**AIM OF THE EXERCISE**
Look below for the line that contains "move=> Gg; pose", then copy it and each following line exactly, through and including the line that contains "by apply: eqmx_trans".

MATERIAL SUPPLIED START

Lemma summand_others_cap r j (x : 'M[F]_(r, d.-1.+1)) :
  (x <= Vs j)%MS -> (x <= others j)%MS -> x = 0.
Proof.
move=> xj xo; have /mxdirect_sumsP capP := Vs_direct.
have : (x <= Vs j :&: others j)%MS by rewrite sub_capmx xj xo.
by rewrite /others capP // submx0 => /eqP.
Qed.

Lemma summand_component j (x y a b : V) :
  (x <= Vs j)%MS -> (y <= Vs j)%MS -> (a <= others j)%MS -> (b <= others j)%MS ->
  x + a = y + b -> x = y.
Proof.
move=> xj yj aj bj xy; apply/eqP; rewrite -subr_eq0; apply/eqP.
apply: (@summand_others_cap 1 j); first by rewrite addmx_sub ?eqmx_opp.
have -> : x - y = b - a by rewrite -[x](addrK a) xy addrAC [y + b]addrC addrK.
by rewrite addmx_sub ?eqmx_opp.
Qed.

Lemma summand_eqmx_inj j k : (Vs j == Vs k)%MS -> j = k.
Proof.
move=> /eqmxP Vjk; apply/eqP; apply: contraTT (Vs_neq0 j) => jk.
rewrite negbK; apply/eqP/(summand_others_cap (submx_refl (Vs j))).
by rewrite /others (sumsmx_sup k) 1?eq_sym // Vjk.
Qed.

Lemma sum_in_others (s : I -> I) (A : {pred I}) (f : I -> V) k :
  injective s -> (forall l, l \in A -> (f l <= Vs (s l))%MS) ->
  ((\sum_(l in A | l != k) f l)%R <= others (s k))%MS.
Proof.
move=> s_inj fA; apply: summx_sub => l /andP[lA lk].
by apply: (sumsmx_sup (s l)); [rewrite (inj_eq s_inj) | exact: fA].
Qed.

(* The permutation sigma g of the summands induced by g \in G: it exists as
   g maps summands onto summands injectively. *)
Definition sigma (g : {'GL_d[F]}) : {perm I} :=
  odflt 1 [pick s : {perm I} | [forall i, (Vs i *m GLval g == Vs (s i))%MS]].

Lemma sigma_exists g : g \in G ->
  exists s : {perm I}, forall i, (Vs i *m GLval g == Vs (s i))%MS.
Proof.
move=> Gg; pose f i := odflt i [pick j | (Vs i *m GLval g == Vs j)%MS].
have fP i : (Vs i *m GLval g == Vs (f i))%MS.
  rewrite /f; case: pickP => [j -> //| none].
  by have [j] := G_permutes i Gg; rewrite none.
have f_inj : injective f.
  move=> a b fab; apply: summand_eqmx_inj.
  have ab : (Vs a *m GLval g :=: Vs b *m GLval g)%MS.
    by apply: eqmx_trans (eqmxP (fP a)) _; rewrite fab; apply/eqmx_sym/eqmxP.
  by have := eqmxMr (invmx (GLval g)) ab; rewrite !mulmxK ?GL_unitmx // => /eqmxP.
by exists (perm f_inj) => i; rewrite permE.
Qed.

Lemma sigmaP g i : g \in G -> (Vs i *m GLval g == Vs (sigma g i))%MS.
Proof.
move=> Gg; rewrite /sigma; case: pickP => [s /forallP // | none].
by have [s sP] := sigma_exists Gg; have /forallP := none s.
Qed.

MATERIAL SUPPLIED END

**TASK OUTPUT**
move=> Gg; pose f i := odflt i [pick j | (Vs i *m GLval g == Vs j)%MS].
have fP i : (Vs i *m GLval g == Vs (f i))%MS.
  rewrite /f; case: pickP => [j -> //| none].
  by have [j] := G_permutes i Gg; rewrite none.
have f_inj : injective f.
  move=> a b fab; apply: summand_eqmx_inj.
  have ab : (Vs a *m GLval g :=: Vs b *m GLval g)%MS.
    by apply: eqmx_trans (eqmxP (fP a)) _; rewrite fab; apply/eqmx_sym/eqmxP.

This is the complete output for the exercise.